- [Work required]
Of all the entries below, retype only the lines from the one with "edge_of fv f x y /\ edge_of fv g x y)." through the one with "exists i, fv f i = x /\", exactly as they appear.

- [Exercise input]
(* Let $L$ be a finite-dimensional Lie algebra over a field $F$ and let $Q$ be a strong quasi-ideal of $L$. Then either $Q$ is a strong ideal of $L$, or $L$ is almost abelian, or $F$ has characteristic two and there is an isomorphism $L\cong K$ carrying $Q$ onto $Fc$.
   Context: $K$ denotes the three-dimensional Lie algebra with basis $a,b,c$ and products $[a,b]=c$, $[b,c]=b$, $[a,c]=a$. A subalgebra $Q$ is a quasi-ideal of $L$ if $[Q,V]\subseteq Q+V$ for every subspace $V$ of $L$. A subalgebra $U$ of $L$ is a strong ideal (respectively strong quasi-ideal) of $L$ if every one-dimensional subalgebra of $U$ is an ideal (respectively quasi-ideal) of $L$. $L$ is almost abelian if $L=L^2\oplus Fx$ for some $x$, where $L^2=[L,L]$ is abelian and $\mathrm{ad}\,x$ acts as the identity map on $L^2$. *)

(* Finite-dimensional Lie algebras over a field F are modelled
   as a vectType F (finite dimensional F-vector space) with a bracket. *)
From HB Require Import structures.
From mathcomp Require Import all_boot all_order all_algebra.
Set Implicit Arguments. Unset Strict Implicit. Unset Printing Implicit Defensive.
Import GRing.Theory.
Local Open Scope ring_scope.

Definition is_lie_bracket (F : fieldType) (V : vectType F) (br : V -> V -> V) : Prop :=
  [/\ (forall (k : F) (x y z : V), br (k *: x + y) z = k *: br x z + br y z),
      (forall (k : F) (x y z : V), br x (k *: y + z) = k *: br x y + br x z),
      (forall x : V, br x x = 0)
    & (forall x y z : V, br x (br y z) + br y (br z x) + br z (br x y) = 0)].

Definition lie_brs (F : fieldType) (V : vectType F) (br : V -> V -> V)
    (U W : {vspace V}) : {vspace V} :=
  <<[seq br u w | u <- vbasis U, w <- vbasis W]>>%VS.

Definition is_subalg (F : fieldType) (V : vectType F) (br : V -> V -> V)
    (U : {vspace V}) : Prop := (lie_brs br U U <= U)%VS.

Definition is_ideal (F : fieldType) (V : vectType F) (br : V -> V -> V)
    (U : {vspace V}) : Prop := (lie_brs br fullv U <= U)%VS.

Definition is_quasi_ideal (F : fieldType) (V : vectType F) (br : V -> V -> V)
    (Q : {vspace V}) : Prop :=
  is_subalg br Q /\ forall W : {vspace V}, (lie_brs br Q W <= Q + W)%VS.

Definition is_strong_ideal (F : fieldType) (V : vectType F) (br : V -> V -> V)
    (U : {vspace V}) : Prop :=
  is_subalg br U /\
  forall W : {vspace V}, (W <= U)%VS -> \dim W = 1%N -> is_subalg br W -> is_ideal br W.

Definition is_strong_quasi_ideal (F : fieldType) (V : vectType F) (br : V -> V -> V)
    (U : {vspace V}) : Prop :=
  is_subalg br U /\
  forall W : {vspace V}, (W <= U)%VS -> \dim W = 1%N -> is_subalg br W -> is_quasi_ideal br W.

...

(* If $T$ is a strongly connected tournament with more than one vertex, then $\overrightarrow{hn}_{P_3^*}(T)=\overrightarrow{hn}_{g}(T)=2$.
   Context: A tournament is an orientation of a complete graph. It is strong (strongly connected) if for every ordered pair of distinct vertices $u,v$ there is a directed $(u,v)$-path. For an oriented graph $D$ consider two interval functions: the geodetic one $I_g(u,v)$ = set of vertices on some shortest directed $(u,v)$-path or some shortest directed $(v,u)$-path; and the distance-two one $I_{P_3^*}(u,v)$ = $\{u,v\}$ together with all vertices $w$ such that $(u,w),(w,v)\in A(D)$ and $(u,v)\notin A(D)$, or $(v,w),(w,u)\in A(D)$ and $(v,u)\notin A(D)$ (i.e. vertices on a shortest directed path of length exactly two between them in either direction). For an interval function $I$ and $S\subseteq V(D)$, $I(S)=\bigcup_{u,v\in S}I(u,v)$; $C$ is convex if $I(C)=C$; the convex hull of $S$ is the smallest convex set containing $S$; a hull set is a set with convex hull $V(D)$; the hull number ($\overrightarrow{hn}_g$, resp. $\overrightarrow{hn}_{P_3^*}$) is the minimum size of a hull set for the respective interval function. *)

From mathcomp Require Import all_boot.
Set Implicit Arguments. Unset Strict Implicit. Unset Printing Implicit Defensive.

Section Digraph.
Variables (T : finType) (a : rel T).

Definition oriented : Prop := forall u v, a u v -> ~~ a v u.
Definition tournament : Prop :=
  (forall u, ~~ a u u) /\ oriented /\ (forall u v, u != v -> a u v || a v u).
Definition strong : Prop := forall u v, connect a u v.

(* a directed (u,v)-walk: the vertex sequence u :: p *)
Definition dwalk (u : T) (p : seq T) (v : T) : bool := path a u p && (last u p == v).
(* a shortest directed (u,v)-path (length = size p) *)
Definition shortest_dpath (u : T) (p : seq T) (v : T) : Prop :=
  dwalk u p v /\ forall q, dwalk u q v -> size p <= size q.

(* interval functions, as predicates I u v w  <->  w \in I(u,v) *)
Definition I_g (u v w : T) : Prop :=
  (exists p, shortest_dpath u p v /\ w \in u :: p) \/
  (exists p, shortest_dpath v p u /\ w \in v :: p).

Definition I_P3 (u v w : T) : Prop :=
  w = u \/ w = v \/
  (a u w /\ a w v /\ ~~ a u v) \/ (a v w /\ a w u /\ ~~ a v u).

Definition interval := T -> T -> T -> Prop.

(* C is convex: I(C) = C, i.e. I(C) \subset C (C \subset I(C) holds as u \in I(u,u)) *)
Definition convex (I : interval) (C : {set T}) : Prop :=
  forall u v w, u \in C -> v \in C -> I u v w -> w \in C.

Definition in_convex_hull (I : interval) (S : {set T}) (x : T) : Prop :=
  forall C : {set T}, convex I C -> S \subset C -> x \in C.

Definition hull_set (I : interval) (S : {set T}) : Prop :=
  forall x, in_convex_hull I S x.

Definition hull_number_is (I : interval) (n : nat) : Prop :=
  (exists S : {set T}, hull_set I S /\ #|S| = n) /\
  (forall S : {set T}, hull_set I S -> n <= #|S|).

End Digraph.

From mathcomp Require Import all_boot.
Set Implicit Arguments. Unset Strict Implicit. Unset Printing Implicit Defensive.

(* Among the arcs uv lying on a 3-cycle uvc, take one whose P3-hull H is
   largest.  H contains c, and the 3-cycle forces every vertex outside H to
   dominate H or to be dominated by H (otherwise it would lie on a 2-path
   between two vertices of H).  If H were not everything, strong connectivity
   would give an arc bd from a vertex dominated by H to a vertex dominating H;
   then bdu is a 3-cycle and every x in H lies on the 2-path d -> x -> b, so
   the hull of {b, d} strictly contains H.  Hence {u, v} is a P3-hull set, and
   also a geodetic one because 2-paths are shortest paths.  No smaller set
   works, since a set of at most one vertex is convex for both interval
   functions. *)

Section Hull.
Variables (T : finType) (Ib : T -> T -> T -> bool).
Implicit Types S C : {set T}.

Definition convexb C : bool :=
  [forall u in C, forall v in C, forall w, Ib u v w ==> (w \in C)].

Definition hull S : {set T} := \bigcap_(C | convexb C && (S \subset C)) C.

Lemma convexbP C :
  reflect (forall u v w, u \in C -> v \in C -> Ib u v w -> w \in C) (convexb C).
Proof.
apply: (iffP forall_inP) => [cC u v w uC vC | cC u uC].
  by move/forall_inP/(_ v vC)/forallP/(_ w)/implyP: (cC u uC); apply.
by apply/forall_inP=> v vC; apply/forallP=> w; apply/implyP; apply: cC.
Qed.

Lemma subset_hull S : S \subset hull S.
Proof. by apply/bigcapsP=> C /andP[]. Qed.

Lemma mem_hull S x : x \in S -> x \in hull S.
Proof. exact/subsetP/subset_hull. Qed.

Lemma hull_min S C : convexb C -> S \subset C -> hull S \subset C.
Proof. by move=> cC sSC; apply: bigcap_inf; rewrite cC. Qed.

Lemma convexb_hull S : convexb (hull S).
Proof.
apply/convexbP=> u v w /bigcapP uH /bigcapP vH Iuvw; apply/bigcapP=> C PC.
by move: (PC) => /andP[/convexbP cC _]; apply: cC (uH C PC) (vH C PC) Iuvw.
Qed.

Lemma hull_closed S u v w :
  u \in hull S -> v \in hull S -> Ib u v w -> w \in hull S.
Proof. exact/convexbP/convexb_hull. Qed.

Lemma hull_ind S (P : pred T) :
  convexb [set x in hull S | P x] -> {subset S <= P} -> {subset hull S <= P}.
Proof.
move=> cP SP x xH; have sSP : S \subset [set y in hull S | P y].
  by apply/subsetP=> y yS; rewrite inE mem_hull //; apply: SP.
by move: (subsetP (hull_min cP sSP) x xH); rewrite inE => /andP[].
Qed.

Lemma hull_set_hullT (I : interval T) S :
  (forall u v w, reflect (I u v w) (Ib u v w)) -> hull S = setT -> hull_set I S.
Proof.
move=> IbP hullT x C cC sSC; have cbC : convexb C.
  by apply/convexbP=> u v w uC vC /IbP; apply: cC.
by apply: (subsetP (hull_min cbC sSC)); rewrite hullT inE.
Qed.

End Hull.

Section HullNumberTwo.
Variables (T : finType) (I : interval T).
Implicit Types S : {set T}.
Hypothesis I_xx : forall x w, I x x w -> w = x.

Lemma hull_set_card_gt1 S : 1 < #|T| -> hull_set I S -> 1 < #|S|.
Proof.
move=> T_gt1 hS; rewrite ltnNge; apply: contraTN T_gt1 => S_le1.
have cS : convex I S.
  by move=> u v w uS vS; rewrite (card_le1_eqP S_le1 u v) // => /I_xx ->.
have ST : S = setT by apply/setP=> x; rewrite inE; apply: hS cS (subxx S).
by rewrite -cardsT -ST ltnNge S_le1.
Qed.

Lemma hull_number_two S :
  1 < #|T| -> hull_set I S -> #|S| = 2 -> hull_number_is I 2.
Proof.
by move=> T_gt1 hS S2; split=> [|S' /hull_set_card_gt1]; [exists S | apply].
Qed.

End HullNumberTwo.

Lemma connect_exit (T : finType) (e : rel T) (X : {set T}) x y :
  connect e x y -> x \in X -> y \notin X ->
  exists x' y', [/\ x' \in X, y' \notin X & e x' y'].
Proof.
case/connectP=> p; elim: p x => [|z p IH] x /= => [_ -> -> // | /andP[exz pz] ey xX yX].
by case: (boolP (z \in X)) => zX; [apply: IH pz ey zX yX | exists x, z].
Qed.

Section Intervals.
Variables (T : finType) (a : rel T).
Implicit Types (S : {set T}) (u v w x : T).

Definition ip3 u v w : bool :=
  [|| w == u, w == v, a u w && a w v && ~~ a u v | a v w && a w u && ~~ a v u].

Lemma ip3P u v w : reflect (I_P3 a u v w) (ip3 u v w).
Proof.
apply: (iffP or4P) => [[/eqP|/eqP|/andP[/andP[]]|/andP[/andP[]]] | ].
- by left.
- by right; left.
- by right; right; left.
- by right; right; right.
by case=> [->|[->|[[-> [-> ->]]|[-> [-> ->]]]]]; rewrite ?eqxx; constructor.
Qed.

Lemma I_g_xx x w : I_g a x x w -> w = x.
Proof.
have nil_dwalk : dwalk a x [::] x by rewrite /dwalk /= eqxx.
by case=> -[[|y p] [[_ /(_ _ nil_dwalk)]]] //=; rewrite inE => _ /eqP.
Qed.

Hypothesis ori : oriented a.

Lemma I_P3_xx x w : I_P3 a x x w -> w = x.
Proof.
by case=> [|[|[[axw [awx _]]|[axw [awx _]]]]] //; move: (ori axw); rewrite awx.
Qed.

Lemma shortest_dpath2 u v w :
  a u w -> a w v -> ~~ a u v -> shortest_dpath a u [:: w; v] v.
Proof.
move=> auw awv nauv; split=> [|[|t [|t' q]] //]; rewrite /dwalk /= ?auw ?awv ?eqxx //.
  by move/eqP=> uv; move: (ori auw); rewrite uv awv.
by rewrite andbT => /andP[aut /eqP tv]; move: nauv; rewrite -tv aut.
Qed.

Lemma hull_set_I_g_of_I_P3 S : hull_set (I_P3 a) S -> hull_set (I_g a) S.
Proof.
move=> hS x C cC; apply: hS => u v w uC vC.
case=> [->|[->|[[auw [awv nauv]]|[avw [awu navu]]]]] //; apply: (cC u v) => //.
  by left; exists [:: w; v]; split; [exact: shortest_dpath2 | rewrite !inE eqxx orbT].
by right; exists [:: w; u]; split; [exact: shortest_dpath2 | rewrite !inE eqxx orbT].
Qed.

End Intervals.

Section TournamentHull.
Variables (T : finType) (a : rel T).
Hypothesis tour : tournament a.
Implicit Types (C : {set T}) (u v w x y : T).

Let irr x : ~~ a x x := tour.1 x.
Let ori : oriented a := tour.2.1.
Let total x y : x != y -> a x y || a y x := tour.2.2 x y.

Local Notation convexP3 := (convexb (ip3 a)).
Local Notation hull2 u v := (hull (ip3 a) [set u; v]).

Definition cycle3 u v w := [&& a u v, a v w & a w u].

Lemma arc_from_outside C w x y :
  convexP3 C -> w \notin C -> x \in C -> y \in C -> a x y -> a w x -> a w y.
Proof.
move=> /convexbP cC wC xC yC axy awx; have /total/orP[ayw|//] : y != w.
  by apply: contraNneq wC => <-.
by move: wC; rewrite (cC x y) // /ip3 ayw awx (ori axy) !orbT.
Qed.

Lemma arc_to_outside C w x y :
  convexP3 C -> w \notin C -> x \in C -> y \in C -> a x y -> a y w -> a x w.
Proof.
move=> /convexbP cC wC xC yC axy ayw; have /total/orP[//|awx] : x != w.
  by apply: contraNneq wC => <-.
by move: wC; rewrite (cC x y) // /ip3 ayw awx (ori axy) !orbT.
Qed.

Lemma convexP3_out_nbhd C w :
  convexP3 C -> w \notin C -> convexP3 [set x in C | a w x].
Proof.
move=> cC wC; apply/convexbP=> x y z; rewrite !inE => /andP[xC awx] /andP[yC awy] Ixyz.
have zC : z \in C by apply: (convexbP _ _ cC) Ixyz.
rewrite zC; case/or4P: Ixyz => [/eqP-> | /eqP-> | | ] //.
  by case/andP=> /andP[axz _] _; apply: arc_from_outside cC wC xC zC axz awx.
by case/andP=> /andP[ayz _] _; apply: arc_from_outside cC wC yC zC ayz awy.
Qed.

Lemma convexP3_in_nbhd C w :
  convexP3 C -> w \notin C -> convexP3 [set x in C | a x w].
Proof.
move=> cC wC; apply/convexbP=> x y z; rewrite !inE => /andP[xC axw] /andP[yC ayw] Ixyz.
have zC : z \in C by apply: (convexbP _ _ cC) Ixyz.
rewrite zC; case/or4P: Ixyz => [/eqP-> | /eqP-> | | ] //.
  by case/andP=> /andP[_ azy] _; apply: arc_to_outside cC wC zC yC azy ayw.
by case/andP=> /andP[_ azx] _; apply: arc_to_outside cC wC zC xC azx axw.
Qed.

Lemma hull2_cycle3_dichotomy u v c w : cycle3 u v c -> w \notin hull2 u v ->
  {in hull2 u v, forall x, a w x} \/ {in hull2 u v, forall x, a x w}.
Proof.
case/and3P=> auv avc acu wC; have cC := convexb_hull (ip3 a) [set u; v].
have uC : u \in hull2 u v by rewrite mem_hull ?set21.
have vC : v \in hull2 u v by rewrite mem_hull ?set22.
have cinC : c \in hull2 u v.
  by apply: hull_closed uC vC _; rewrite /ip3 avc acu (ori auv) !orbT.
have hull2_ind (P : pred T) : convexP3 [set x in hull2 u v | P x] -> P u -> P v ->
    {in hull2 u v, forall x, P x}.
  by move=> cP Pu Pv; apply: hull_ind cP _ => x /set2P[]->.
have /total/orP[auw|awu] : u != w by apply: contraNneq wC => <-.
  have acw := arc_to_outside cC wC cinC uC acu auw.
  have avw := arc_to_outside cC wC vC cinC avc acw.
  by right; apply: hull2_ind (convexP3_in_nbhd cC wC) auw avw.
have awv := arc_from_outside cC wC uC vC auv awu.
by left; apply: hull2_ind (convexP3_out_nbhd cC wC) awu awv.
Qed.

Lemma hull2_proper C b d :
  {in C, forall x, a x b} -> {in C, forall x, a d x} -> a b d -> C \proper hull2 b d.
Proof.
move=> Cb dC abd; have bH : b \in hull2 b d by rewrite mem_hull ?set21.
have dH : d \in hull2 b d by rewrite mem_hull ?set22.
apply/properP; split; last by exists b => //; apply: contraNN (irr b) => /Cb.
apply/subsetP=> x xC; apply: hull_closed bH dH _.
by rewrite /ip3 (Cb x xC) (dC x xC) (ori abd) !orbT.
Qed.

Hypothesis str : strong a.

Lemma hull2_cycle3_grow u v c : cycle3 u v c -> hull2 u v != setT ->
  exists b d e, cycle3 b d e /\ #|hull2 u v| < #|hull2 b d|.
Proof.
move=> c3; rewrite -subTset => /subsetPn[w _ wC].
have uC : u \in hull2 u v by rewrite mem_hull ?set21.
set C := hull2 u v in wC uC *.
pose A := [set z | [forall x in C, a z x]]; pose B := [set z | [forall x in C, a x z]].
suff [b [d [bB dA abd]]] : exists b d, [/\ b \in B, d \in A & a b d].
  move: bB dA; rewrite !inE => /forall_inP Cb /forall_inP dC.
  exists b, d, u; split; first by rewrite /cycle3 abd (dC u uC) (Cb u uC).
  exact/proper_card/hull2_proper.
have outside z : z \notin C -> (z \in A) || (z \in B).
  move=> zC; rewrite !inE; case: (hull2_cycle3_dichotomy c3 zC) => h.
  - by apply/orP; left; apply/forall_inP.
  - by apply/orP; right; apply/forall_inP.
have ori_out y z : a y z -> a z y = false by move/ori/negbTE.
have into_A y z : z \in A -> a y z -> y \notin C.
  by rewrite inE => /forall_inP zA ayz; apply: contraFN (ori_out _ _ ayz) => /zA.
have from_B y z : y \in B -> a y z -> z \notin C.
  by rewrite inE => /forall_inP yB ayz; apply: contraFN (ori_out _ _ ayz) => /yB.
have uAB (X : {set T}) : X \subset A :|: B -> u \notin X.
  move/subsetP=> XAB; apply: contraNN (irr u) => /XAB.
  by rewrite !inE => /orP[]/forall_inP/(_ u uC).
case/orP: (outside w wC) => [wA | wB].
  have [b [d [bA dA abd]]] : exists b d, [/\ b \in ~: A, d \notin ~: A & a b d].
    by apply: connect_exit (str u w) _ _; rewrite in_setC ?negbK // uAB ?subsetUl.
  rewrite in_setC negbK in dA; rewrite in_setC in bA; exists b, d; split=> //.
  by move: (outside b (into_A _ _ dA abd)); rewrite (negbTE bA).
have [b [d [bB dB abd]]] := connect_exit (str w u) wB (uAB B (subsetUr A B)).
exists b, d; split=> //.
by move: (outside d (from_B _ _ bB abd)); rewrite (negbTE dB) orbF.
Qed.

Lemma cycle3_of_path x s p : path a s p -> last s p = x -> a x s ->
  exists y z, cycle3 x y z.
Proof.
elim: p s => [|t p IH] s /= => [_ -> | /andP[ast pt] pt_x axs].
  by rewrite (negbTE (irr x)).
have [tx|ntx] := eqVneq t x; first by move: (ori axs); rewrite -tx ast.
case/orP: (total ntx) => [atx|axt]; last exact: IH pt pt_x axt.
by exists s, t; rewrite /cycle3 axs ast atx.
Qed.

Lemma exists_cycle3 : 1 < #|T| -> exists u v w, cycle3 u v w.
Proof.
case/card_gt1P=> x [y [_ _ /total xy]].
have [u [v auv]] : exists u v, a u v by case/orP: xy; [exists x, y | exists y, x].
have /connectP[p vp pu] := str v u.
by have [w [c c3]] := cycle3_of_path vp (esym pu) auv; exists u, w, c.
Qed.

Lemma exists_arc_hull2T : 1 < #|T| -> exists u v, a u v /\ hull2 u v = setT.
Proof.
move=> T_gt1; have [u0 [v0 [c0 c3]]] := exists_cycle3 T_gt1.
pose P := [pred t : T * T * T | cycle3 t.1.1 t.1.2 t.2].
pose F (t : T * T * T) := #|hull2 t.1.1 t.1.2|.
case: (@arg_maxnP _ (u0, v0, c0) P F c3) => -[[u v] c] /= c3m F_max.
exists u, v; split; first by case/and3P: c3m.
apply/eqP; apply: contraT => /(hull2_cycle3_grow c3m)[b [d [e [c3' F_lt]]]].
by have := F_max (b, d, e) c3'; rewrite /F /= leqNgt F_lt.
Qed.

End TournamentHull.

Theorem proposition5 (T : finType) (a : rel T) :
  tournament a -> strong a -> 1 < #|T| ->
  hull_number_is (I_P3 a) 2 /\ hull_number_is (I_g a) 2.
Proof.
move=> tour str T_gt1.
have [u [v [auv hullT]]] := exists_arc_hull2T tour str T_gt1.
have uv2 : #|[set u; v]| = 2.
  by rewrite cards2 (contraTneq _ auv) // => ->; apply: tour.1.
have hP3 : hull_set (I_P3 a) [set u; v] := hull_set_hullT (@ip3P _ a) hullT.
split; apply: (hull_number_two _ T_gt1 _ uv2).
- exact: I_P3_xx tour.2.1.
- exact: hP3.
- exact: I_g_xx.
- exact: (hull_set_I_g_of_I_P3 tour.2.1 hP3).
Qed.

...

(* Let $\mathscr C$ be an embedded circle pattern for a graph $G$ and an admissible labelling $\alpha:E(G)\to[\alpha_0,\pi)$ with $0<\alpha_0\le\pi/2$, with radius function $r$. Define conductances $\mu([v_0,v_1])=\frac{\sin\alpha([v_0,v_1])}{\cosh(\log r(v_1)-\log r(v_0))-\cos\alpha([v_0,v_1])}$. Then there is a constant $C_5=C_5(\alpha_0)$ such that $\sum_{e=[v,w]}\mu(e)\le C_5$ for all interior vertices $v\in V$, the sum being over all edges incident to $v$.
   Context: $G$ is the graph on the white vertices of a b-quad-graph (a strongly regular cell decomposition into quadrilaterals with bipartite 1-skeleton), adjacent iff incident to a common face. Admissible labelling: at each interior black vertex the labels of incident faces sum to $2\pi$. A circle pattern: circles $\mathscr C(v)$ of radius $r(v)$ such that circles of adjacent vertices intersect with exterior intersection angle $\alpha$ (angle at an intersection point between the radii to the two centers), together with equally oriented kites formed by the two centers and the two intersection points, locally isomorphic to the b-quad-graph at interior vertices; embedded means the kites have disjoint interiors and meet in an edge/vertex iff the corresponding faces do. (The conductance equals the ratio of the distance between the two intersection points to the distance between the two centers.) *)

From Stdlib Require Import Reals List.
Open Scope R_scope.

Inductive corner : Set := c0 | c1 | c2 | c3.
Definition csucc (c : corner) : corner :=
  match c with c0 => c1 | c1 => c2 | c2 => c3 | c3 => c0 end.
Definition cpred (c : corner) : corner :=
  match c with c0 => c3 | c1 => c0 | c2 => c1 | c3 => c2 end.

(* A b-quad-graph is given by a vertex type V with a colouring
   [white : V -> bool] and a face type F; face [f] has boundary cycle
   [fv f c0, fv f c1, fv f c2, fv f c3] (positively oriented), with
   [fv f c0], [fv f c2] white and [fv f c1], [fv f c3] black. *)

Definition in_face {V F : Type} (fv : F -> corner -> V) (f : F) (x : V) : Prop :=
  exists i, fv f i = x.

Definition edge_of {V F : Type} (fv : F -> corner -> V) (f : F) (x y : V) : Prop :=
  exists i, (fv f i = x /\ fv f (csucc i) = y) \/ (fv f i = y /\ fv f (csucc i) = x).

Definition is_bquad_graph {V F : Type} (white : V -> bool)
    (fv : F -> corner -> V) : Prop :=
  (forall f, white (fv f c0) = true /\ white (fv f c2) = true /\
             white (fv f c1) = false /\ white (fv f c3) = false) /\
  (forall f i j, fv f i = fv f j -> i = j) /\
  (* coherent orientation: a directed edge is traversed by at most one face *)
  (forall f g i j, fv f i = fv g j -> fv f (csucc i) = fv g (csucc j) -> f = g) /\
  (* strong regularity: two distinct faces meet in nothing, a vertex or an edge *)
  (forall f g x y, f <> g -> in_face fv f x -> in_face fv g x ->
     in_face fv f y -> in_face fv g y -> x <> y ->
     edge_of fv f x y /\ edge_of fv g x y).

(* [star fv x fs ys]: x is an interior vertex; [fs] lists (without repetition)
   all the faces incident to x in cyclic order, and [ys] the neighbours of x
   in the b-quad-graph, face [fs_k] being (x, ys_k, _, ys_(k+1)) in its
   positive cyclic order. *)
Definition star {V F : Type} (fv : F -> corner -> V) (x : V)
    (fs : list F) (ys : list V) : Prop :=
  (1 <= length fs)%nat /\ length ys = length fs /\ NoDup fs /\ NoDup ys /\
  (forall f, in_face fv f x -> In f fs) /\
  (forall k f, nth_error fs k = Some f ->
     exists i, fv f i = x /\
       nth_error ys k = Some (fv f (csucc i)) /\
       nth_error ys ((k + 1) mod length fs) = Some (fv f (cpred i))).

- [Result]
     edge_of fv f x y /\ edge_of fv g x y).

(* [star fv x fs ys]: x is an interior vertex; [fs] lists (without repetition)
   all the faces incident to x in cyclic order, and [ys] the neighbours of x
   in the b-quad-graph, face [fs_k] being (x, ys_k, _, ys_(k+1)) in its
   positive cyclic order. *)
Definition star {V F : Type} (fv : F -> corner -> V) (x : V)
    (fs : list F) (ys : list V) : Prop :=
  (1 <= length fs)%nat /\ length ys = length fs /\ NoDup fs /\ NoDup ys /\
  (forall f, in_face fv f x -> In f fs) /\
  (forall k f, nth_error fs k = Some f ->
     exists i, fv f i = x /\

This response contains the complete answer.